* _Exercise instructions_
Locate, in the data below, the line that contains "by split=> /=;" and the line that contains "have [rho [rho_gt0"; reproduce exactly those two lines and every line between them, nothing more.

── Dataset extract

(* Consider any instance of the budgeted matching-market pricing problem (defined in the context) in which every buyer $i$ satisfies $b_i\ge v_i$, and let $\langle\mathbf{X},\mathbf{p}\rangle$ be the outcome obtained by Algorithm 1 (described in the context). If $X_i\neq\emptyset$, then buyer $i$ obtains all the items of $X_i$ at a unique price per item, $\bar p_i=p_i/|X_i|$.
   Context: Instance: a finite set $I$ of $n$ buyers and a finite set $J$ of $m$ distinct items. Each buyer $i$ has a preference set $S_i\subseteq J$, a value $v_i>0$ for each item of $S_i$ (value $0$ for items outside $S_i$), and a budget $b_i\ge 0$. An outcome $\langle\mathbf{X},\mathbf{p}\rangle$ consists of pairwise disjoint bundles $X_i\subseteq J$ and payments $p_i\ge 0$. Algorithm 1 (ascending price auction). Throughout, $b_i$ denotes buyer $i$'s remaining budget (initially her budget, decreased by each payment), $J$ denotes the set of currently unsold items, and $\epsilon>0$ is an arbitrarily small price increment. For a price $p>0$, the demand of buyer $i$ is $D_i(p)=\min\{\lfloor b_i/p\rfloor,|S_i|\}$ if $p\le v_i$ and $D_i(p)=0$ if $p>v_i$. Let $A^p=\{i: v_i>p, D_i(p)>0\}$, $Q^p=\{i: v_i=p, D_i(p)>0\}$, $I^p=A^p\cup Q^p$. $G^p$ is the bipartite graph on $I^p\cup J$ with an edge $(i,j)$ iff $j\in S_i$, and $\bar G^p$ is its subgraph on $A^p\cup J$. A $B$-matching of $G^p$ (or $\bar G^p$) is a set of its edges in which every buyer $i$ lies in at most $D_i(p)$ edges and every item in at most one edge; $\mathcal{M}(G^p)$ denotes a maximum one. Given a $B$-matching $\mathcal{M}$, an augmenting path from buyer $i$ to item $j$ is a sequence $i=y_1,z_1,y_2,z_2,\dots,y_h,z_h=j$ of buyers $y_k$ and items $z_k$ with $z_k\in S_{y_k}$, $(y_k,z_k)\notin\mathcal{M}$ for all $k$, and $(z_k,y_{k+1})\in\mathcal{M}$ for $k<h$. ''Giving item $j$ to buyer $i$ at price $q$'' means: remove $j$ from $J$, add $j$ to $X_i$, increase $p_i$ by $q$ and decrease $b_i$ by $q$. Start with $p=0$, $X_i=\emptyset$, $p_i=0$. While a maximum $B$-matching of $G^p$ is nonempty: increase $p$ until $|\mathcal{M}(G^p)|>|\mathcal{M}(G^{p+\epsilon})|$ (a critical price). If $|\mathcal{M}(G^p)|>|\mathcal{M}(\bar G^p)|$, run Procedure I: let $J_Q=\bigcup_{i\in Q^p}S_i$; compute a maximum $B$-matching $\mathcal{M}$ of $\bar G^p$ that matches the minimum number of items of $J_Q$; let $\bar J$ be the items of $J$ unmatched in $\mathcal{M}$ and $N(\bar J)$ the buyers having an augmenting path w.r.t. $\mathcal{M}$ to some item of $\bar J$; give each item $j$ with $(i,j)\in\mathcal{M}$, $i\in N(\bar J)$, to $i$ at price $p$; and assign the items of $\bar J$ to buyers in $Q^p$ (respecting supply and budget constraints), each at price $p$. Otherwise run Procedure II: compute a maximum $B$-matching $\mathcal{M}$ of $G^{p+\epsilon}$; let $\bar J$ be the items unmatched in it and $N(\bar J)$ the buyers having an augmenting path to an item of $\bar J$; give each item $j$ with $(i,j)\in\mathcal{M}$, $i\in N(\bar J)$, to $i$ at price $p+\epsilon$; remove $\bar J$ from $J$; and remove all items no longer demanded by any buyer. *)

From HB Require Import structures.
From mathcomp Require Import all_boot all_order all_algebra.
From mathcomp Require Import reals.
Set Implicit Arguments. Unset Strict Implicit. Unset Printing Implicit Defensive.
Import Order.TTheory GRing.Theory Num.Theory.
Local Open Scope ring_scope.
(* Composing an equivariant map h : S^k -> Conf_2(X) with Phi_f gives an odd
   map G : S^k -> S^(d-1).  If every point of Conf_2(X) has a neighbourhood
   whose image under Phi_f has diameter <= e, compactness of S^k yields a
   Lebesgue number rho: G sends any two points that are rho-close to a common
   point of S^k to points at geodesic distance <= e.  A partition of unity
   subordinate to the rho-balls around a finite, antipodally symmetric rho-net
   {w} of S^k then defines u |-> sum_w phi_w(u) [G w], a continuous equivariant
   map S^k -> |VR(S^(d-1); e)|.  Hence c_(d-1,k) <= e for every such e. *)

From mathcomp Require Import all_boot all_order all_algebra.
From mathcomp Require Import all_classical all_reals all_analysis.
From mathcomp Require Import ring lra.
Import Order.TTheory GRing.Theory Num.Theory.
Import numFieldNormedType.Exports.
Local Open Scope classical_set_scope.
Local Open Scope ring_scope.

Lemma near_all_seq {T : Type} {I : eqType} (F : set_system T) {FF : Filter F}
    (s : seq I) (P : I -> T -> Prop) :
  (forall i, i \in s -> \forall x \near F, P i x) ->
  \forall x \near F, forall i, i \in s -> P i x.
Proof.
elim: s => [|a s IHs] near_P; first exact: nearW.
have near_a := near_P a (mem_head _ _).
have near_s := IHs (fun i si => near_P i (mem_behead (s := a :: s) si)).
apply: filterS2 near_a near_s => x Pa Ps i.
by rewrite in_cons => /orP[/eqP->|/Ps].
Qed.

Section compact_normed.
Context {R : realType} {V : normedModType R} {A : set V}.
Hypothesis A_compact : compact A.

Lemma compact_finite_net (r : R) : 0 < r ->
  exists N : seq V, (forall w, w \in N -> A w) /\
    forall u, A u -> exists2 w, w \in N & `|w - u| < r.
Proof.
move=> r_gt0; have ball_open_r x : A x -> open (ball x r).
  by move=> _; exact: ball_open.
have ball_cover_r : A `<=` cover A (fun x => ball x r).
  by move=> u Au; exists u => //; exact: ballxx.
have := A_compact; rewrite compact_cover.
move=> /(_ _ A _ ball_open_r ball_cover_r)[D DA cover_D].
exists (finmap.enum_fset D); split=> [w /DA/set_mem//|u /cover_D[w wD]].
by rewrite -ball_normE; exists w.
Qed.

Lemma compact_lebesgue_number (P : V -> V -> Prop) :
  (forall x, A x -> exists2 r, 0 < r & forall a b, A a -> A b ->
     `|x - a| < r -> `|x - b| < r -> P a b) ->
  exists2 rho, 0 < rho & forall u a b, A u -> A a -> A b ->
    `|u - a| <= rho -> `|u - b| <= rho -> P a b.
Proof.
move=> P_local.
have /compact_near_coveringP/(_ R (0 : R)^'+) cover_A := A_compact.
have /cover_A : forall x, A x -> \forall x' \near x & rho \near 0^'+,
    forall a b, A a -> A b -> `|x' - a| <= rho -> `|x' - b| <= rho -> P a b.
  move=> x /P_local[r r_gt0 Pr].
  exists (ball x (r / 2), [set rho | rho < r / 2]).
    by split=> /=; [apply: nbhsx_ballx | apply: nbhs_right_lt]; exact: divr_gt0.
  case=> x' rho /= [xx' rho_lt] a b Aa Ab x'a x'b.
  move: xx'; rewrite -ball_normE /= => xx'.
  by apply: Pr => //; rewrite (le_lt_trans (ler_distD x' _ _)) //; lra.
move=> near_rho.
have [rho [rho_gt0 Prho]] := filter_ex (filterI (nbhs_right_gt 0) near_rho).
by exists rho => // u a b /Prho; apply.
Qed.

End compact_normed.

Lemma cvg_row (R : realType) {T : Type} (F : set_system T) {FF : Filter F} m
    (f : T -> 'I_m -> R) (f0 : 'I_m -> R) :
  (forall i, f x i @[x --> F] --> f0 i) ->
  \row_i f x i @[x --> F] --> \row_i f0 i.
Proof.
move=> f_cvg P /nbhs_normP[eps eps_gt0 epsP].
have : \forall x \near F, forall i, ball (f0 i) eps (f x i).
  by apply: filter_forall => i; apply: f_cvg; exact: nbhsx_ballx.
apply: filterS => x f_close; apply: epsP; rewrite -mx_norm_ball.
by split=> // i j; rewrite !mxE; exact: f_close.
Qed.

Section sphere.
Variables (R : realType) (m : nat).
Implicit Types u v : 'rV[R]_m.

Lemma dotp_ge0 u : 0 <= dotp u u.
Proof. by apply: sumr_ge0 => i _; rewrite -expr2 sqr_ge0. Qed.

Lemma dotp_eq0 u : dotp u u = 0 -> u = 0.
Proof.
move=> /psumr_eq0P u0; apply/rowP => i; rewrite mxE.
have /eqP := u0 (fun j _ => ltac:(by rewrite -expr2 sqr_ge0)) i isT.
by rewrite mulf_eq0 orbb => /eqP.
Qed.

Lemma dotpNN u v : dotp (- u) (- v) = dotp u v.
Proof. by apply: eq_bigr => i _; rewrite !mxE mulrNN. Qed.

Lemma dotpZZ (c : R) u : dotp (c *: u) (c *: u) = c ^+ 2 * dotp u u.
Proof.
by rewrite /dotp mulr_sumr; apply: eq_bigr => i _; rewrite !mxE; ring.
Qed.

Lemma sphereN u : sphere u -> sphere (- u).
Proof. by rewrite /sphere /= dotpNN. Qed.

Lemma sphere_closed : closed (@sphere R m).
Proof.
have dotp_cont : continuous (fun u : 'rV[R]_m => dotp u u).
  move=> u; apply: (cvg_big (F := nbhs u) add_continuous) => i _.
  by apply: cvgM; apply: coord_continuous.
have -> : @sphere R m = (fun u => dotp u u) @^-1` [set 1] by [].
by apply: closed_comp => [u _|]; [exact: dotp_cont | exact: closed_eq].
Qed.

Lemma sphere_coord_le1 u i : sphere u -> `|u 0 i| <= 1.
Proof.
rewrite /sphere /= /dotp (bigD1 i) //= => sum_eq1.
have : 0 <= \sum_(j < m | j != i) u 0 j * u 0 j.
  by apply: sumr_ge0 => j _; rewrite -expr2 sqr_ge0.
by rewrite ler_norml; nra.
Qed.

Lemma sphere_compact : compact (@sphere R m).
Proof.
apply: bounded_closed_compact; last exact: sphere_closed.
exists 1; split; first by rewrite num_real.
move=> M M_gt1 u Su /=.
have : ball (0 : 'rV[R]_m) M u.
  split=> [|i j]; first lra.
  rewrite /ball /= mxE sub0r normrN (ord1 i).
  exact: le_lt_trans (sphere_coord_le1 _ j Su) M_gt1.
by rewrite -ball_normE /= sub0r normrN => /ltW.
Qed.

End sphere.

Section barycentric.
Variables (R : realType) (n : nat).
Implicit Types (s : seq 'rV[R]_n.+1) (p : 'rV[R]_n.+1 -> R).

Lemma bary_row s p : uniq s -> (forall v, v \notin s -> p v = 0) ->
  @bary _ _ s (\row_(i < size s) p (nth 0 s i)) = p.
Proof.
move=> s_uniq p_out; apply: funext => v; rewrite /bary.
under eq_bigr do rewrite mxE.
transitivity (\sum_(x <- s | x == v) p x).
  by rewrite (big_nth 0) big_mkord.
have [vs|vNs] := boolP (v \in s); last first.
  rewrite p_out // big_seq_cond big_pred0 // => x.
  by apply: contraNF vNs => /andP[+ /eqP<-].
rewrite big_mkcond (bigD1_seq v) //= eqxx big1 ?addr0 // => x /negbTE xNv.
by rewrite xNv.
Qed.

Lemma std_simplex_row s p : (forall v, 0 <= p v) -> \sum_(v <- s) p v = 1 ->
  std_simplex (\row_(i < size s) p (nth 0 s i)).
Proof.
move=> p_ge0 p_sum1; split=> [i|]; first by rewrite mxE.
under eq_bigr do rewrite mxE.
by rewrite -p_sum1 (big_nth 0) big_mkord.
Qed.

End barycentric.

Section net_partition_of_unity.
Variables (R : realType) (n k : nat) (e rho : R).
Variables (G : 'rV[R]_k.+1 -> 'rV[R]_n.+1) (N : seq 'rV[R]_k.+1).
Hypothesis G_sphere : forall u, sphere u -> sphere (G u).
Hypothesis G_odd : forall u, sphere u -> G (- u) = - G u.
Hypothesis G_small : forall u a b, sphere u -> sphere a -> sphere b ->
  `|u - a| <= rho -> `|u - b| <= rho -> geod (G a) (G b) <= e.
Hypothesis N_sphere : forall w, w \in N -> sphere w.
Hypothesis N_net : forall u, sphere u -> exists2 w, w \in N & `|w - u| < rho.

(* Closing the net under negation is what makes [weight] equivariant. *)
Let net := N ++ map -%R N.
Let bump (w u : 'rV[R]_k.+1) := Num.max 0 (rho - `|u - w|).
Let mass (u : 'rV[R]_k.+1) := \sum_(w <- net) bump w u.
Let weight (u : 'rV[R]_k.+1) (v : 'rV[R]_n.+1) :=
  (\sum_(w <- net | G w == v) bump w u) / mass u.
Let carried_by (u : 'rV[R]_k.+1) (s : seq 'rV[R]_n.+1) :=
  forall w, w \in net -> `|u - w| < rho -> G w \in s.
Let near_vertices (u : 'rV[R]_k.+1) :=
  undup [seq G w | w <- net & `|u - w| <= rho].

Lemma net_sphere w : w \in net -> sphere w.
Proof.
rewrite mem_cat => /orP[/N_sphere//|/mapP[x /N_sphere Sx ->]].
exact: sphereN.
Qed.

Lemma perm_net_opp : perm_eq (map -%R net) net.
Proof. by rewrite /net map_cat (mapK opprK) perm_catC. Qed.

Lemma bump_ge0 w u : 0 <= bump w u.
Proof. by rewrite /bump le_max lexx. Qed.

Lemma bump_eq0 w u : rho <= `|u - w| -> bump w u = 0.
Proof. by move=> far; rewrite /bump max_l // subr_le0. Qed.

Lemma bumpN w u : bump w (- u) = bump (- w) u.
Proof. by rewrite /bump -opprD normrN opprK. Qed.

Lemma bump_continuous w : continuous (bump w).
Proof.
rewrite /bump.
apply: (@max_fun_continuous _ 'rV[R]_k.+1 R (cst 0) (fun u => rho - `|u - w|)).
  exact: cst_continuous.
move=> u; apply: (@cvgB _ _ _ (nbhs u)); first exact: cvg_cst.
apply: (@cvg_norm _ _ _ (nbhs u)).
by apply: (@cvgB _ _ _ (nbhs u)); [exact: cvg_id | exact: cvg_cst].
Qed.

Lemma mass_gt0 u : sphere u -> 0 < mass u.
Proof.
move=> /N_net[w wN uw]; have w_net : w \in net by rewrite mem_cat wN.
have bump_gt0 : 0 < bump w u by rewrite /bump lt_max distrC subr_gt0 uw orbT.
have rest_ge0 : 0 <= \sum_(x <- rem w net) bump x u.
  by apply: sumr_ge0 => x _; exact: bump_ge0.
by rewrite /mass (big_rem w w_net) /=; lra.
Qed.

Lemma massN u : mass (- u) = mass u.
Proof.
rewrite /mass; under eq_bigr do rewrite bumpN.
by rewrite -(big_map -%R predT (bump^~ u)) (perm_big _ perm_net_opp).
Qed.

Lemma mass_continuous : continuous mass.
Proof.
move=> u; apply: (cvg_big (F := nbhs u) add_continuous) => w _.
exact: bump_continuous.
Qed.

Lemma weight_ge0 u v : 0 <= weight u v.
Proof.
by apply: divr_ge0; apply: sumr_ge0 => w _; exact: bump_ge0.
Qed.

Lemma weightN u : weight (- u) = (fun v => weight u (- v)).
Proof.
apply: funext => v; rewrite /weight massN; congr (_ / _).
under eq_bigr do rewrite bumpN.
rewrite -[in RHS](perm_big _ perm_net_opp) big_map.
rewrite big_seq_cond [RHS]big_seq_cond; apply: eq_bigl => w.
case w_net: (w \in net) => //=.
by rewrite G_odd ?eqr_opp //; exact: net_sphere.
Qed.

────

* _Solved problem_
    by split=> /=; [apply: nbhsx_ballx | apply: nbhs_right_lt]; exact: divr_gt0.
  case=> x' rho /= [xx' rho_lt] a b Aa Ab x'a x'b.
  move: xx'; rewrite -ball_normE /= => xx'.
  by apply: Pr => //; rewrite (le_lt_trans (ler_distD x' _ _)) //; lra.
move=> near_rho.
have [rho [rho_gt0 Prho]] := filter_ex (filterI (nbhs_right_gt 0) near_rho).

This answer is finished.